» **Action item**: Write out all the data below exactly.

----

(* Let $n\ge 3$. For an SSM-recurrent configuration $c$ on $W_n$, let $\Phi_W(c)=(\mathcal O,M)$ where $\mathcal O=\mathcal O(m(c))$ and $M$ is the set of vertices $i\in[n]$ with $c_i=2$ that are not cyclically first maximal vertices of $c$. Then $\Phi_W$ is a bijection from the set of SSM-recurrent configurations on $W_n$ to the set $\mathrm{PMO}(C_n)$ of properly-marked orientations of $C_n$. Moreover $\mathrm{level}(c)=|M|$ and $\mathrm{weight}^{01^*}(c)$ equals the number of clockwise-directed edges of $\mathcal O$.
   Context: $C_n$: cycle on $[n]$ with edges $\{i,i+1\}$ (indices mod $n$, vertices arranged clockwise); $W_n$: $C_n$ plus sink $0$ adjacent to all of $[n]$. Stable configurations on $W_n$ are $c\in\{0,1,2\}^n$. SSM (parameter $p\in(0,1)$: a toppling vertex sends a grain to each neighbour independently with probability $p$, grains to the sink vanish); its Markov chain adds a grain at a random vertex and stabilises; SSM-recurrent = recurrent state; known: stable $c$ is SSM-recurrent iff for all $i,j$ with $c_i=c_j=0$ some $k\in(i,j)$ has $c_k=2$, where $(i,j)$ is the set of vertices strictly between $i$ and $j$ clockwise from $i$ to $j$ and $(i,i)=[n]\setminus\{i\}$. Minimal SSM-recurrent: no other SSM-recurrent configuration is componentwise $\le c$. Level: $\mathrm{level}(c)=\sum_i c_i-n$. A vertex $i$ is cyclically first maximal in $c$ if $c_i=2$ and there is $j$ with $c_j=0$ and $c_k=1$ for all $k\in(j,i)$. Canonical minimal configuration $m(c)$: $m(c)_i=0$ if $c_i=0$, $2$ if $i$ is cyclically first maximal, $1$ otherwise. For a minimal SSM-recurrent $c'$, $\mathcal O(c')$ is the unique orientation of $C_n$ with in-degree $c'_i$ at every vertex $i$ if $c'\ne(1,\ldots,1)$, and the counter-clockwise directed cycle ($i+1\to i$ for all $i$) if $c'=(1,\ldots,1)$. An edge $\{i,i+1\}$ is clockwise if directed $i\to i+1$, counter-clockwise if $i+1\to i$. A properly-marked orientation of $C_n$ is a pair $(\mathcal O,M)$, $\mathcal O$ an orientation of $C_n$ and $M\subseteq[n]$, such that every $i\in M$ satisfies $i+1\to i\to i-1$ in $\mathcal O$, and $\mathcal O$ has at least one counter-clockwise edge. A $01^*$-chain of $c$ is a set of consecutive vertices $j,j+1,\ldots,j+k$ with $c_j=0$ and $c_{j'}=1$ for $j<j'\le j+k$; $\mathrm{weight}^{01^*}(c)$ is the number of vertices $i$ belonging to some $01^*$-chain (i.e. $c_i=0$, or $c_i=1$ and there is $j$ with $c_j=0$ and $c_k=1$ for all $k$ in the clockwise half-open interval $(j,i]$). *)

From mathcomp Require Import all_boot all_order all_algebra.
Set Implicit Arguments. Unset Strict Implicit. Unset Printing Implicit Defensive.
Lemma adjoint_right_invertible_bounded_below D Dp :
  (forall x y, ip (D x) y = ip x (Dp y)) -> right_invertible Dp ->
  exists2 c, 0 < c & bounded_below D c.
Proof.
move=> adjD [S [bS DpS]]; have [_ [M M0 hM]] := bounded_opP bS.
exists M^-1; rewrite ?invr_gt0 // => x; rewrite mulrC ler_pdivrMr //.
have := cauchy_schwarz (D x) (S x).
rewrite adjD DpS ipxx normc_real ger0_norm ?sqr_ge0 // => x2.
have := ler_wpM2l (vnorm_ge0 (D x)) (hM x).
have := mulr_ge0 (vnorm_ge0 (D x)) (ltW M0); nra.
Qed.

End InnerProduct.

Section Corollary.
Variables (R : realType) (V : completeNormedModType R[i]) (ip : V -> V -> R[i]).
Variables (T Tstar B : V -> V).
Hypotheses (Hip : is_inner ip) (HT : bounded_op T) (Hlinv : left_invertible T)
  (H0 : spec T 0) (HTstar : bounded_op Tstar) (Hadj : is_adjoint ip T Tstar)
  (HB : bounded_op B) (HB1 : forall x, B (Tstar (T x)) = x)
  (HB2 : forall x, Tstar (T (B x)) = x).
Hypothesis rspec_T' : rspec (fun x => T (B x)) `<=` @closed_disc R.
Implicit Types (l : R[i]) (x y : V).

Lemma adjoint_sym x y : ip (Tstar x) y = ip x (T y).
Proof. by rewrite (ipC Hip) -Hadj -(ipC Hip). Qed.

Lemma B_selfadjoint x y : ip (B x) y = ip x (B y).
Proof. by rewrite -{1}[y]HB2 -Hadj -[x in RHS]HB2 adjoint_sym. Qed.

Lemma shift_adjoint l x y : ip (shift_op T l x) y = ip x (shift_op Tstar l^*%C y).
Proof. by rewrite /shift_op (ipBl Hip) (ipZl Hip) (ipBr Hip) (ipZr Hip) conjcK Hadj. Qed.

----

» **Solution for this problem**:
(* Let $n\ge 3$. For an SSM-recurrent configuration $c$ on $W_n$, let $\Phi_W(c)=(\mathcal O,M)$ where $\mathcal O=\mathcal O(m(c))$ and $M$ is the set of vertices $i\in[n]$ with $c_i=2$ that are not cyclically first maximal vertices of $c$. Then $\Phi_W$ is a bijection from the set of SSM-recurrent configurations on $W_n$ to the set $\mathrm{PMO}(C_n)$ of properly-marked orientations of $C_n$. Moreover $\mathrm{level}(c)=|M|$ and $\mathrm{weight}^{01^*}(c)$ equals the number of clockwise-directed edges of $\mathcal O$.
   Context: $C_n$: cycle on $[n]$ with edges $\{i,i+1\}$ (indices mod $n$, vertices arranged clockwise); $W_n$: $C_n$ plus sink $0$ adjacent to all of $[n]$. Stable configurations on $W_n$ are $c\in\{0,1,2\}^n$. SSM (parameter $p\in(0,1)$: a toppling vertex sends a grain to each neighbour independently with probability $p$, grains to the sink vanish); its Markov chain adds a grain at a random vertex and stabilises; SSM-recurrent = recurrent state; known: stable $c$ is SSM-recurrent iff for all $i,j$ with $c_i=c_j=0$ some $k\in(i,j)$ has $c_k=2$, where $(i,j)$ is the set of vertices strictly between $i$ and $j$ clockwise from $i$ to $j$ and $(i,i)=[n]\setminus\{i\}$. Minimal SSM-recurrent: no other SSM-recurrent configuration is componentwise $\le c$. Level: $\mathrm{level}(c)=\sum_i c_i-n$. A vertex $i$ is cyclically first maximal in $c$ if $c_i=2$ and there is $j$ with $c_j=0$ and $c_k=1$ for all $k\in(j,i)$. Canonical minimal configuration $m(c)$: $m(c)_i=0$ if $c_i=0$, $2$ if $i$ is cyclically first maximal, $1$ otherwise. For a minimal SSM-recurrent $c'$, $\mathcal O(c')$ is the unique orientation of $C_n$ with in-degree $c'_i$ at every vertex $i$ if $c'\ne(1,\ldots,1)$, and the counter-clockwise directed cycle ($i+1\to i$ for all $i$) if $c'=(1,\ldots,1)$. An edge $\{i,i+1\}$ is clockwise if directed $i\to i+1$, counter-clockwise if $i+1\to i$. A properly-marked orientation of $C_n$ is a pair $(\mathcal O,M)$, $\mathcal O$ an orientation of $C_n$ and $M\subseteq[n]$, such that every $i\in M$ satisfies $i+1\to i\to i-1$ in $\mathcal O$, and $\mathcal O$ has at least one counter-clockwise edge. A $01^*$-chain of $c$ is a set of consecutive vertices $j,j+1,\ldots,j+k$ with $c_j=0$ and $c_{j'}=1$ for $j<j'\le j+k$; $\mathrm{weight}^{01^*}(c)$ is the number of vertices $i$ belonging to some $01^*$-chain (i.e. $c_i=0$, or $c_i=1$ and there is $j$ with $c_j=0$ and $c_k=1$ for all $k$ in the clockwise half-open interval $(j,i]$). *)

From mathcomp Require Import all_boot all_order all_algebra.
Set Implicit Arguments. Unset Strict Implicit. Unset Printing Implicit Defensive.
Lemma adjoint_right_invertible_bounded_below D Dp :
  (forall x y, ip (D x) y = ip x (Dp y)) -> right_invertible Dp ->
  exists2 c, 0 < c & bounded_below D c.
Proof.
move=> adjD [S [bS DpS]]; have [_ [M M0 hM]] := bounded_opP bS.
exists M^-1; rewrite ?invr_gt0 // => x; rewrite mulrC ler_pdivrMr //.
have := cauchy_schwarz (D x) (S x).
rewrite adjD DpS ipxx normc_real ger0_norm ?sqr_ge0 // => x2.
have := ler_wpM2l (vnorm_ge0 (D x)) (hM x).
have := mulr_ge0 (vnorm_ge0 (D x)) (ltW M0); nra.
Qed.

End InnerProduct.

Section Corollary.
Variables (R : realType) (V : completeNormedModType R[i]) (ip : V -> V -> R[i]).
Variables (T Tstar B : V -> V).
Hypotheses (Hip : is_inner ip) (HT : bounded_op T) (Hlinv : left_invertible T)
  (H0 : spec T 0) (HTstar : bounded_op Tstar) (Hadj : is_adjoint ip T Tstar)
  (HB : bounded_op B) (HB1 : forall x, B (Tstar (T x)) = x)
  (HB2 : forall x, Tstar (T (B x)) = x).
Hypothesis rspec_T' : rspec (fun x => T (B x)) `<=` @closed_disc R.
Implicit Types (l : R[i]) (x y : V).

Lemma adjoint_sym x y : ip (Tstar x) y = ip x (T y).
Proof. by rewrite (ipC Hip) -Hadj -(ipC Hip). Qed.

Lemma B_selfadjoint x y : ip (B x) y = ip x (B y).
Proof. by rewrite -{1}[y]HB2 -Hadj -[x in RHS]HB2 adjoint_sym. Qed.

Lemma shift_adjoint l x y : ip (shift_op T l x) y = ip x (shift_op Tstar l^*%C y).
Proof. by rewrite /shift_op (ipBl Hip) (ipZl Hip) (ipBr Hip) (ipZr Hip) conjcK Hadj. Qed.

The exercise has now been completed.